DTLJ created a finished-unfinished environment reminiscent of a workshop. The airy, split-level space is lined with large, light-colored wood panels outfitted with pegs for holding LittleBits modules as well as examples of what they can do, like a lever that releases cat food into a pet’s dish when you send it a text message from miles away. The panels are movable–much like the LittleBits themselves–so that the store can be reconfigured easily.
“The store is designed to be a little experiment,” Bdeir says. “It’s highly modular, it’s designed entirely to be reshuffled and recharged overnight, if we wanted to. Moving merchandise around, taking up more space for inventions or display, and vice versa. It’s really designed to be highly experimental.”
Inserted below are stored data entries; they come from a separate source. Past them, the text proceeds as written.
(* Let $Y\in\mathbb{R}$, $Z=(Z^{(1)},\dots,Z^{(p)})\in\mathbb{R}^p$, $X=(X^{(1)},\dots,X^{(d)})\in\mathbb{R}^d$ and $W\in\mathbb{R}^d$ be random variables/vectors with finite second moments, and write $$\mathrm{Cov}\begin{pmatrix} Z\\ X\\ W\end{pmatrix}=\begin{bmatrix} A & B & C\\ B^{\mathsf T} & D & F\\ C^{\mathsf T} & F^{\mathsf T} & G\end{bmatrix},\quad A\in\mathbb{R}^{p\times p},\ B,C\in\mathbb{R}^{p\times d},\ D,F,G\in\mathbb{R}^{d\times d}.$$ Let $(\alpha,\beta_Z,\beta_X)=\arg\min_{a\in\mathbb{R},b_Z\in\mathbb{R}^p,b_X\in\mathbb{R}^d}\mathbb{E}\big[\tfrac12(Y-a-Z^{\mathsf T}b_Z-X^{\mathsf T}b_X)^2\big]$ be the population regression coefficients. Let $(Y_i,Z_i,X_i,W_i)_{i=1}^N$ be samples satisfying: (i) the samples are identically distributed with the law of $(Y,Z,X,W)$, and the sample first and second moments (all entries of the sample analogues of $\mathbb{E}[V]$ and $\mathbb{E}[VV^{\mathsf T}]$, $V=(Y,Z,X,W)$) converge in probability to the corresponding population moments as $N\to\infty$; (ii) with $\varepsilon_i=Y_i-\alpha-Z_i^{\mathsf T}\beta_Z-X_i^{\mathsf T}\beta_X$, $\varepsilon_i$ is uncorrelated with $W_i-X_i$; (iii) the covariance matrices of $(Z,W)$ and of $(Z,X)$ are positive definite. Let $\hat\beta_Z^{(\mathrm{OM})}$ be the OLS coefficient vector for $Z$ in the regression of $Y_i$ on an intercept and $Z_i$ (omitting $X$), and define $\mathrm{bias}^{(\mathrm{OM})}_{\beta_Z}=\operatorname{plim}_{N\to\infty}\big(\hat\beta_Z^{(\mathrm{OM})}-\beta_Z\big)$. Suppose that all entries of $X$ are pollutant concentrations and that a subset $P\subseteq\{1,\dots,p\}$ of the entries of $Z$ are pollutant concentrations. Assume: (No Benefit) $\beta_{X,j}\le 0$ for all $j\in\{1,\dots,d\}$ and $\beta_{Z,l}\le 0$ for all $l\in P$; (Weak Partial $\mathrm{PC}_+$) for each $l\in P$ and each $j\in\{1,\dots,d\}$, the partial correlation of $Z^{(l)}$ and $X^{(j)}$ conditional on $(Z^{(m)})_{m\ne l}$ is positive. Then for every $k\in P$, $\big[\mathrm{bias}^{(\mathrm{OM})}_{\beta_Z}\big]_k\le 0$.
   Context: Partial correlation of two entries $U,V$ of a random vector given a set of other entries is the correlation between the population linear-regression residuals of $U$ and of $V$ on those other entries (equivalently, computed from the inverse covariance matrix). ''plim'' denotes limit in probability. *)

From Stdlib Require List.
From HB Require Import structures.
From mathcomp Require Import all_boot all_order all_algebra.
From mathcomp Require Import all_classical all_reals all_analysis.
Set Implicit Arguments. Unset Strict Implicit. Unset Printing Implicit Defensive.
Import Order.TTheory GRing.Theory Num.Theory.
Import numFieldNormedType.Exports.
Local Open Scope classical_set_scope.
Local Open Scope ring_scope.

Section Defs.
Context {d : measure_display} {T : measurableType d} {R : realType}.
Variable Pr : probability T R.

Inductive var_idx (p q : nat) : Type :=
  | VY | VZ of 'I_p | VX of 'I_q | VW of 'I_q.

Definition joint (p q : nat) (Y : T -> R) (Z : 'I_p -> T -> R)
    (X W : 'I_q -> T -> R) (u : var_idx p q) : T -> R :=
  match u with
  | VY => Y | VZ l => Z l | VX j => X j | VW j => W j
  end.

Definition same_law (I : Type) (U V : I -> T -> R) : Prop :=
  forall s : seq (I * set R), List.Forall (fun ub => measurable ub.2) s ->
    Pr [set w | List.Forall (fun ub => ub.2 (U ub.1 w)) s] =
    Pr [set w | List.Forall (fun ub => ub.2 (V ub.1 w)) s].

Definition cvg_in_prob (Xn : nat -> T -> R) (c : R) : Prop :=
  forall eps : R, 0 < eps ->
    (fun n => Pr [set w | eps <= `|Xn n w - c|]) @ \oo --> 0%E.

(* Population mean (a real number; finite under finite second moments). *)
Definition mean (U : T -> R) : R := fine ('E_Pr[U])%E.

Definition cov (U V : T -> R) : R := fine (covariance Pr U V).

Definition covmx (n : nat) (V : 'I_n -> T -> R) : 'M[R]_n :=
  \matrix_(i, j) cov (V i) (V j).

Definition catRV (m n : nat) (V1 : 'I_m -> T -> R) (V2 : 'I_n -> T -> R)
    : 'I_(m + n) -> T -> R :=
  fun i => match fintype.split i with inl a => V1 a | inr b => V2 b end.

(* Partial correlation of entries i and j of V given all other entries of V,
   computed from the inverse covariance (precision) matrix. *)
Definition pcor (n : nat) (V : 'I_n -> T -> R) (i j : 'I_n) : R :=
  let O := invmx (covmx V) in - O i j / Num.sqrt (O i i * O j j).

Definition ols_Z (p : nat) (Ys : nat -> T -> R) (Zs : nat -> 'I_p -> T -> R)
    (N : nat) (w : T) : 'I_p -> R :=
  let D : 'M[R]_(N, 1 + p) :=
    \matrix_(i < N, c < 1 + p)
      match fintype.split c with inl _ => 1 | inr l => Zs i l w end in
  let y : 'cV[R]_N := \col_(i < N) Ys i w in
  let theta := invmx (D^T *m D) *m (D^T *m y) in
  fun l => theta (rshift 1 l) 0.

End Defs.

Definition posdef {R : realType} (n : nat) (M : 'M[R]_n) : Prop :=
  forall v : 'cV[R]_n, v != 0 -> 0 < (v^T *m M *m v) 0 0.

(** The OLS coefficient vector is a continuous function of the sample second
   moments of (1, Z, Y) near their population values, so its plim is the
   population coefficient of Z in the regression of Y on (1, Z); eliminating the
   intercept by a Schur complement, this is Cov(Z)^-1 Cov(Z, Y).  The
   first-order conditions of the long regression give
   Cov(Z, Y) = Cov(Z) betaZ + Cov(Z, X) betaX, so the bias is
   Cov(Z)^-1 Cov(Z, X) betaX.  Column j of Cov(Z)^-1 Cov(Z, X) holds the
   coefficients of Z in the regression of X_j on Z; read off the last column of
   the inverse covariance matrix of (Z, X_j), each of them has the sign of the
   corresponding partial correlation, hence is positive on the pollutant
   entries, and betaX <= 0 makes the bias nonpositive there. *)

From Pilot Require Import Defs.
From HB Require Import structures.
From mathcomp Require Import all_boot all_order all_algebra.
From mathcomp Require Import all_classical all_reals all_analysis.
From mathcomp Require Import ring lra measurable_realfun.
Import Order.TTheory GRing.Theory Num.Theory.
Import numFieldNormedType.Exports.
Local Open Scope classical_set_scope.
Local Open Scope ring_scope.

Lemma split_lshift m n (i : 'I_m) : fintype.split (lshift n i) = inl i.
Proof. exact: (unsplitK (inl i)). Qed.

Lemma split_rshift m n (j : 'I_n) : fintype.split (rshift m j) = inr j.
Proof. exact: (unsplitK (inr j)). Qed.

(** * Least-squares coefficients *)

(* For the second-moment matrix [S] of a vector whose last entry is the
   response, [lsq_coef S] solves the normal equations of the regression of the
   response on the other entries. *)
Definition lsq_coef {R : fieldType} {n : nat} (S : 'M[R]_(n + 1)) : 'cV[R]_n :=
  invmx (ulsubmx S) *m ursubmx S.

Lemma lsq_coef_gram {R : fieldType} N n (A : 'M[R]_(N, n)) (y : 'cV[R]_N) :
  lsq_coef ((row_mx A y)^T *m row_mx A y) = invmx (A^T *m A) *m (A^T *m y).
Proof. by rewrite /lsq_coef tr_row_mx mul_col_row block_mxKul block_mxKur. Qed.

Lemma lsq_coefZ {R : fieldType} n (c : R) (S : 'M[R]_(n + 1)) :
  c != 0 -> ulsubmx (c *: S) \in unitmx -> lsq_coef (c *: S) = lsq_coef S.
Proof.
move=> c_neq0; have ulZ : ulsubmx (c *: S) = c *: ulsubmx S.
  by apply/matrixP => i j; rewrite !mxE.
have urZ : ursubmx (c *: S) = c *: ursubmx S.
  by apply/matrixP => i j; rewrite !mxE.
rewrite /lsq_coef ulZ urZ => cS_unit; rewrite invmxZ //.
by rewrite -scalemxAl -scalemxAr scalerA mulVf // scale1r.
Qed.

Section PositiveDefinite.
Variable R : realType.

Lemma posdef_unitmx n (M : 'M[R]_n) : posdef M -> M \in unitmx.
Proof.
move=> pM; rewrite unitmxE unitfE; apply/negP => /det0P [v v0 vM].
suff : 0 < (v *m M *m v^T) 0 0 by rewrite vM mul0mx mxE ltxx.
have := pM v^T; rewrite trmxK; apply.
by apply: contra v0 => /eqP h; rewrite -[v]trmxK h trmx0.
Qed.

Lemma posdef_mxsub n m (f : 'I_m -> 'I_n) (M : 'M[R]_n) :
  injective f -> posdef M -> posdef (mxsub f f M).
Proof.
move=> f_inj pM v v0; set S : 'M[R]_(n, m) := colsub f 1%:M.
have SK : rowsub f S = 1%:M.
  by apply/matrixP => a b; rewrite !mxE (inj_eq f_inj).
have StE : S^T = rowsub f 1%:M by apply/matrixP => i j; rewrite !mxE eq_sym.
have -> : mxsub f f M = S^T *m M *m S.
  rewrite StE mul_rowsub_mx mul1mx mulmx_colsub mulmx1.
  by apply/matrixP => i j; rewrite !mxE.
have -> : v^T *m (S^T *m M *m S) *m v = (S *m v)^T *m M *m (S *m v).
  by rewrite trmx_mul !mulmxA.
apply: pM; apply: contra v0 => /eqP Sv0.
have := congr1 (rowsub f) Sv0; rewrite -mul_rowsub_mx SK mul1mx => ->.
by apply/eqP/matrixP => i j; rewrite !mxE.
Qed.

Lemma posdef_ulsubmx m n (M : 'M[R]_(m + n)) : posdef M -> posdef (ulsubmx M).
Proof.
have -> : ulsubmx M = mxsub (lshift n) (lshift n) M.
  by apply/matrixP => i j; rewrite !mxE.
by apply: posdef_mxsub; exact: lshift_inj.
Qed.

Lemma lsq_coef_gt0_of_pcor p (S : 'M[R]_(p + 1)) (k : 'I_p) :
  posdef S ->
  0 < - invmx S (lshift 1 k) (rshift p ord0) /
        Num.sqrt (invmx S (lshift 1 k) (lshift 1 k) *
                  invmx S (rshift p ord0) (rshift p ord0)) ->
  0 < lsq_coef S k 0.
Proof.
set O := invmx S; set L := rshift p ord0; move=> pS.
have SO : S *m O = 1%:M by rewrite mulmxV // posdef_unitmx.
(* [z] is the last column of [S^-1]: the top block of [S *m z = col L 1] gives
   [usubmx z = - O L L *: lsq_coef S], with [O L L > 0]. *)
set z := col L O.
have Sz : S *m z = col L 1%:M by rewrite /z !colE mulmxA SO.
have OLL_gt0 : 0 < O L L.
  have z0 : z != 0.
    apply: contraTneq isT => z0; move: Sz; rewrite z0 mulmx0 => /matrixP/(_ L 0).
    by rewrite !mxE eqxx => /eqP; rewrite eq_sym oner_eq0.
  by have := pS z z0; rewrite -mulmxA Sz colE mul1mx -colE !mxE.
have Au : ulsubmx S \in unitmx by apply/posdef_unitmx/posdef_ulsubmx.
have top : ulsubmx S *m usubmx z + ursubmx S *m dsubmx z = 0.
  have := congr1 usubmx Sz; rewrite -{1}(submxK S) -{1}(vsubmxK z).
  rewrite mul_block_col col_mxKu => ->.
  by apply/matrixP => i j; rewrite !mxE eq_lrshift.
have dz : dsubmx z = (O L L)%:M.
  by apply/matrixP => i j; rewrite !ord1 !mxE.
have uE : usubmx z = - O L L *: lsq_coef S.
  move/eqP: top; rewrite addr_eq0 dz mul_mx_scalar -scaleNr => /eqP Auz.
  by rewrite /lsq_coef scalemxAr -Auz mulKmx.
have Ok : O (lshift 1 k) L = - O L L * lsq_coef S k 0.
  by move/matrixP/(_ k 0): uE; rewrite !mxE.
rewrite Ok !mulNr opprK; apply: contraTT; rewrite -!leNgt => c_le0.
by rewrite mulr_le0_ge0 ?invr_ge0 ?sqrtr_ge0 // pmulr_rle0.
Qed.

End PositiveDefinite.

Section InterceptElimination.
Context {R : fieldType} {p : nat} {mu : 'cV[R]_p} {M : 'M[R]_p}.
Let C := M - mu *m mu^T.

Lemma moment_block_factor :
  block_mx 1%:M mu^T mu M = block_mx 1%:M 0 mu 1%:M *m block_mx 1%:M mu^T 0 C.
Proof.
rewrite mulmx_block !mul1mx !mul0mx !mulmx1 !addr0.
by rewrite /C addrC subrK.
Qed.

Hypothesis C_unit : C \in unitmx.

Lemma unitmx_moment_block : block_mx (1%:M : 'M[R]_1) mu^T mu M \in unitmx.
Proof.
rewrite moment_block_factor unitmx_mul !unitmxE det_lblock det_ublock !det1 !mul1r.
by rewrite unitr1 -unitmxE.
Qed.

Lemma dsubmx_moment_block_solve (my : 'M[R]_1) (mzy : 'cV[R]_p) :
  dsubmx (invmx (block_mx 1%:M mu^T mu M) *m col_mx my mzy) =
  invmx C *m (mzy - mu *m my).
Proof.
set t := invmx C *m _; set t0 := my - mu^T *m t.
have solves : block_mx 1%:M mu^T mu M *m col_mx t0 t = col_mx my mzy.
  rewrite mul_block_col mul1mx subrK; congr col_mx.
  rewrite mulmxBr mulmxA addrAC -addrA -mulmxBl -/C mulKVmx //.
  by rewrite addrC subrK.
by rewrite -solves mulKmx ?col_mxKd // unitmx_moment_block.
Qed.

End InterceptElimination.

(** * Continuity and measurability of matrix functions *)

Section MatrixLimits.
Context {R : numFieldType} {U : Type} {F : set_system U} {FF : Filter F}.

Lemma cvg_det n (A : U -> 'M[R]_n) (A0 : 'M[R]_n) :
  (forall i j, A x i j @[x --> F] --> A0 i j) -> \det (A x) @[x --> F] --> \det A0.
Proof.
move=> cvgA; apply: cvg_big => [|s _]; first exact: add_continuous.
apply: cvgM; first exact: cvg_cst.
by apply: cvg_big => [|i _]; [exact: mul_continuous | exact: cvgA].
Qed.

Lemma cvg_invmx n (A : U -> 'M[R]_n) (A0 : 'M[R]_n) :
  A0 \in unitmx -> (forall i j, A x i j @[x --> F] --> A0 i j) ->
  forall i j, invmx (A x) i j @[x --> F] --> invmx A0 i j.
Proof.
move=> A0_unit cvgA i j.
have cvg_detA : \det (A x) @[x --> F] --> \det A0 by exact: cvg_det.
have detA0 : \det A0 != 0 by rewrite -unitfE -unitmxE.
have cvg_adj : \adj (A x) i j @[x --> F] --> \adj A0 i j.
  rewrite mxE; under eq_cvg do rewrite mxE.
  apply: cvgM; first exact: cvg_cst.
  by apply: cvg_det => a b; under eq_cvg do rewrite !mxE; rewrite !mxE; exact: cvgA.
(* Near [A0] the determinant does not vanish, so [invmx] is the adjugate formula. *)
apply: cvg_trans (near_eq_cvg _) _; last first.
  by rewrite /invmx A0_unit mxE; apply: cvgM; [exact: (cvgV detA0 cvg_detA) | exact: cvg_adj].
near=> x; rewrite /invmx unitmxE unitfE.
suff -> : \det (A x) != 0 by rewrite mxE.
by near: x; exact: cvgr_neq0 cvg_detA detA0.
Unshelve. all: end_near.
Qed.
(* Let $I$ be a squarefree monomial ideal of $Q=\Bbbk[x_1,\ldots,x_n]$ and $\mathbb{T}$ the Taylor resolution of $Q/I$ with Gemeda's dg algebra structure. For a variable $x_k$, let $\mathbb{I}_k$ be the subcomplex of $\mathbb{T}$ spanned by the elements $e_V$ and $\partial(e_V)$ for all $V\subseteq G(I)$ such that $V$ contains a monomial divisible by $x_k$. Then $\mathbb{I}_k$ is a dg ideal of $\mathbb{T}$. Moreover, for any set of variables $x_{k_1},\ldots,x_{k_\ell}$, the subcomplex $\mathbb{I}$ spanned by all $e_V$ and $\partial(e_V)$ with $e_V\in\mathbb{I}_{k_r}$ for some $r$ is a dg ideal of $\mathbb{T}$.
   Context: $G(I)$ is the set of minimal monomial generators of $I$ with a fixed total order $<$; $m_U=\mathrm{lcm}(U)$. The Taylor resolution $\mathbb{T}$ has basis $e_U$ ($U\subseteq G(I)$) in degree $|U|$, differential $\partial(e_U)=\sum_{u\in U}(-1)^{|\{v\in U:v<u\}|}\frac{m_U}{m_{U\setminus\{u\}}}e_{U\setminus\{u\}}$, and Gemeda product $e_Ve_W=(-1)^{|\{(v,w)\in V\times W:v>w\}|}\frac{m_Vm_W}{m_{V\cup W}}e_{V\cup W}$ if $V\cap W=\emptyset$, $0$ otherwise. A subcomplex $\mathbb{J}$ of a dg algebra $\mathbb{F}$ is a dg ideal if $\mathbb{F}\mathbb{J}\subseteq\mathbb{J}$. *)

From HB Require Import structures.
From mathcomp Require Import all_boot all_algebra.
From mathcomp Require Import mpoly.
Set Implicit Arguments. Unset Strict Implicit. Unset Printing Implicit Defensive.
Import GRing.Theory.
Local Open Scope ring_scope.

(* A squarefree monomial of Q = k[x_0..x_{n-1}] is identified with its support
   S : {set 'I_n}; mono S = prod_{i in S} x_i.
   G(I) = {g 0, ..., g (m-1)}, totally ordered by the index order of 'I_m. *)
Section Taylor.
Variables (k : fieldType) (n m : nat) (g : 'I_m -> {set 'I_n}).

Definition mono (S : {set 'I_n}) : {mpoly k[n]} := \prod_(i in S) 'X_i.

(* support of m_U = lcm(U) *)
Definition cover (U : {set 'I_m}) : {set 'I_n} := \bigcup_(u in U) g u.

(* The Taylor complex: free Q-module on e_U, U subset of G(I). *)
Definition TT := {ffun {set 'I_m} -> {mpoly k[n]}}.

Definition tbasis (U : {set 'I_m}) : TT := [ffun W => (W == U)%:R].
Definition tscale (c : {mpoly k[n]}) (x : TT) : TT := [ffun W => c * x W].

(* m_U / m_{U \ u} = prod of x_i, i in cover U \ cover (U \ u)  (squarefree) *)
Definition dbasis (U : {set 'I_m}) : TT :=
  \sum_(u in U) tscale ((-1) ^+ #|[set v in U | (v < u)%N]|
                         * mono (cover U :\: cover (U :\ u))) (tbasis (U :\ u)).

Definition tdiff (x : TT) : TT := \sum_U tscale (x U) (dbasis U).

(* Gemeda product on basis: m_V m_W / m_{V u W} = prod of x_i, i in cover V cap cover W *)
Definition bmul (V W : {set 'I_m}) : TT :=
  if [disjoint V & W] then
    tscale ((-1) ^+ #|[set p in setX V W | (p.2 < p.1)%N]|
             * mono (cover V :&: cover W)) (tbasis (V :|: W))
  else 0.

Definition tmul (x y : TT) : TT := \sum_V \sum_W tscale (x V * y W) (bmul V W).

Definition in_span (P : {set 'I_m} -> Prop) (x : TT) : Prop :=
  exists a b : {set 'I_m} -> {mpoly k[n]},
    (forall V, ~ P V -> a V = 0 /\ b V = 0) /\
    x = \sum_V (tscale (a V) (tbasis V) + tscale (b V) (dbasis V)).

Definition Ik (kk : 'I_n) : TT -> Prop :=
  in_span (fun V => exists2 v, v \in V & kk \in g v).

Definition dg_ideal (J : TT -> Prop) : Prop :=
  [/\ J 0,
      (forall x y, J x -> J y -> J (x + y)),
      (forall c x, J x -> J (tscale c x)),
      (forall x, J x -> J (tdiff x)) &
      (forall t x, J x -> J (tmul t x))].

End Taylor.

From Pilot Require Import Defs.
From HB Require Import structures.
From mathcomp Require Import all_boot all_algebra.
From mathcomp Require Import mpoly.
From mathcomp Require Import zify.
From Stdlib Require Import Classical.

(* Let P be a family of subsets of G(I) closed under taking supersets.  The
   Q-span of the e_V and d(e_V) with V in P is a dg ideal.  It is stable under d
   because d o d = 0.  It is stable under multiplication because e_W e_V is a
   monomial multiple of e_(W u V), and e_W d(e_V) is, when W and V are disjoint,
   +-(d(e_W e_V) - d(e_W) e_V) by the Leibniz rule, and otherwise a combination of
   the products e_W e_(V - v), whose nonzero ones have W u (V - v) containing V.
   The sets V with a generator divisible by x_k are closed under supersets, which
   gives the first claim.  For the second, e_V lies in I_k only if V contains such
   a generator: otherwise, for every U that does, the coefficient of e_V in d(e_U)
   is divisible by x_k, so evaluating at x = 0 the e_V-coordinate of an element
   of I_k gives 0. *)

Set Implicit Arguments. Unset Strict Implicit. Unset Printing Implicit Defensive.
Import GRing.Theory.
Local Open Scope ring_scope.

Section TaylorAlgebra.
Variables (k : fieldType) (n m : nat) (g : 'I_m -> {set 'I_n}).
Implicit Types (U V W : {set 'I_m}) (u v w : 'I_m).
Local Notation R := {mpoly k[n]}.
Local Notation T := (TT k n m).
Local Notation mono := (Defs.mono k).
Local Notation cover := (Defs.cover g).
Local Notation tbasis := (tbasis k n).
Local Notation dbasis := (dbasis k g).
Local Notation bmul := (bmul k g).
Local Notation tdiff := (@tdiff k n m g).
Local Notation tmul := (@tmul k n m g).
Local Notation in_span := (@in_span k n m g).

Lemma tscale_is_zmod_morphism c : zmod_morphism (@tscale k n m c).
Proof. by move=> x y; apply/ffunP => W; rewrite !ffunE mulrBr. Qed.
HB.instance Definition _ c := Algebra.isZmodMorphism.Build T T (tscale c)
  (tscale_is_zmod_morphism c).

Lemma tscaleDl c d (x : T) : tscale (c + d) x = tscale c x + tscale d x.
Proof. by apply/ffunP => W; rewrite !ffunE mulrDl. Qed.

Lemma tscaleNl c (x : T) : tscale (- c) x = - tscale c x.
Proof. by apply/ffunP => W; rewrite !ffunE mulNr. Qed.

Lemma tscale0l (x : T) : tscale 0 x = 0.
Proof. by apply/ffunP => W; rewrite !ffunE mul0r. Qed.

Lemma tscale1 (x : T) : tscale 1 x = x.
Proof. by apply/ffunP => W; rewrite !ffunE mul1r. Qed.

Lemma tscaleA c d (x : T) : tscale c (tscale d x) = tscale (c * d) x.
Proof. by apply/ffunP => W; rewrite !ffunE mulrA. Qed.

Lemma tdiff_is_zmod_morphism : zmod_morphism tdiff.
Proof.
by move=> x y; rewrite /tdiff -sumrB; apply: eq_bigr => U _; rewrite !ffunE tscaleDl tscaleNl.
Qed.
HB.instance Definition _ := Algebra.isZmodMorphism.Build T T tdiff tdiff_is_zmod_morphism.

Lemma tdiffZ c x : tdiff (tscale c x) = tscale c (tdiff x).
Proof. by rewrite /tdiff raddf_sum /=; apply: eq_bigr => U _; rewrite ffunE tscaleA. Qed.

Lemma tdiff_basis V : tdiff (tbasis V) = dbasis V.
Proof.
rewrite /tdiff (bigD1 V) //= big1 ?addr0; first by rewrite ffunE eqxx tscale1.
by move=> U /negPf UV; rewrite ffunE UV tscale0l.
Qed.

Lemma tmul_is_zmod_morphism t : zmod_morphism (tmul t).
Proof.
move=> x y; rewrite /tmul -sumrB; apply: eq_bigr => V _; rewrite -sumrB.
by apply: eq_bigr => W _; rewrite !ffunE mulrBr tscaleDl tscaleNl.
Qed.
HB.instance Definition _ t := Algebra.isZmodMorphism.Build T T (tmul t)
  (tmul_is_zmod_morphism t).

Lemma tmulZr t c x : tmul t (tscale c x) = tscale c (tmul t x).
Proof.
rewrite /tmul raddf_sum /=; apply: eq_bigr => V _; rewrite raddf_sum /=; apply: eq_bigr => W _.
by rewrite ffunE tscaleA mulrCA.
Qed.

Lemma tmul_basisl W x : tmul (tbasis W) x = \sum_V tscale (x V) (bmul W V).
Proof.
rewrite /tmul (bigD1 W) //= [X in _ + X]big1 ?addr0.
  by apply: eq_bigr => V _; rewrite ffunE eqxx mul1r.
by move=> U /negPf UW; rewrite big1 // => V _; rewrite !ffunE UW mul0r tscale0l.
Qed.

Lemma tmul_basis W V : tmul (tbasis W) (tbasis V) = bmul W V.
Proof.
rewrite tmul_basisl (bigD1 V) //= big1 ?addr0; first by rewrite ffunE eqxx tscale1.
by move=> U /negPf UV; rewrite ffunE UV tscale0l.
Qed.

Lemma tmulDl x y z : tmul (x + y) z = tmul x z + tmul y z.
Proof.
rewrite /tmul -big_split; apply: eq_bigr => V _; rewrite -big_split.
by apply: eq_bigr => W _; rewrite !ffunE mulrDl tscaleDl.
Qed.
The extent to which DTLJ’s design complements LittleBits’s dual mission of educating visitors on the ease of using tech and selling its wares is most obvious in the store’s crowded workspaces. Visitors to the store can play with the installations on the walls or sit at work tables and try to copy an existing project using easy-to-follow instructions. Once they’re done, they can purchase the elements of what they’ve created or simply leave them there for the next visitor.
“The idea is that we’re not a traditional retail store. You cannot go in and purchase LittleBits and walk out having never heard of it. We can’t expect to be successful like that, and it’s also not what we’re about,” Bdeir says. “We want to make sure that we are helping convert you to an inventor or unleash the inventor within you. And that takes a little bit more of a personal relationship than just putting products on a shelf.”
She says that LittleBits has gone beyond appealing to the Maker movement. Parents of all kinds, formal and informal educators, and enterprise and creative professionals are all using LittleBits to learn and create. “A store is really a way for us to talk to all these people and engage them and get to know better what they need to unleash their inner inventor.”
The LittleBits concept couldn’t come at a better time for retail. Bdeir points to a recent New York Times article highlighting facets of the retail industry that are struggling to keep users engaged with their wares.
“The retail industry is changing, and people are panicking,” Bdeir says. “Retailers are having to reinvent themselves. For us, it feels very natural. People don’t want people pushing product at them anymore. They want something that they think is meaningful, that they feel is inspiring to them, and it’s going to help make their life better. You can’t communicate that with three lines on a card and a store clerk that doesn’t know what he’s talking about. You need to create an experience.”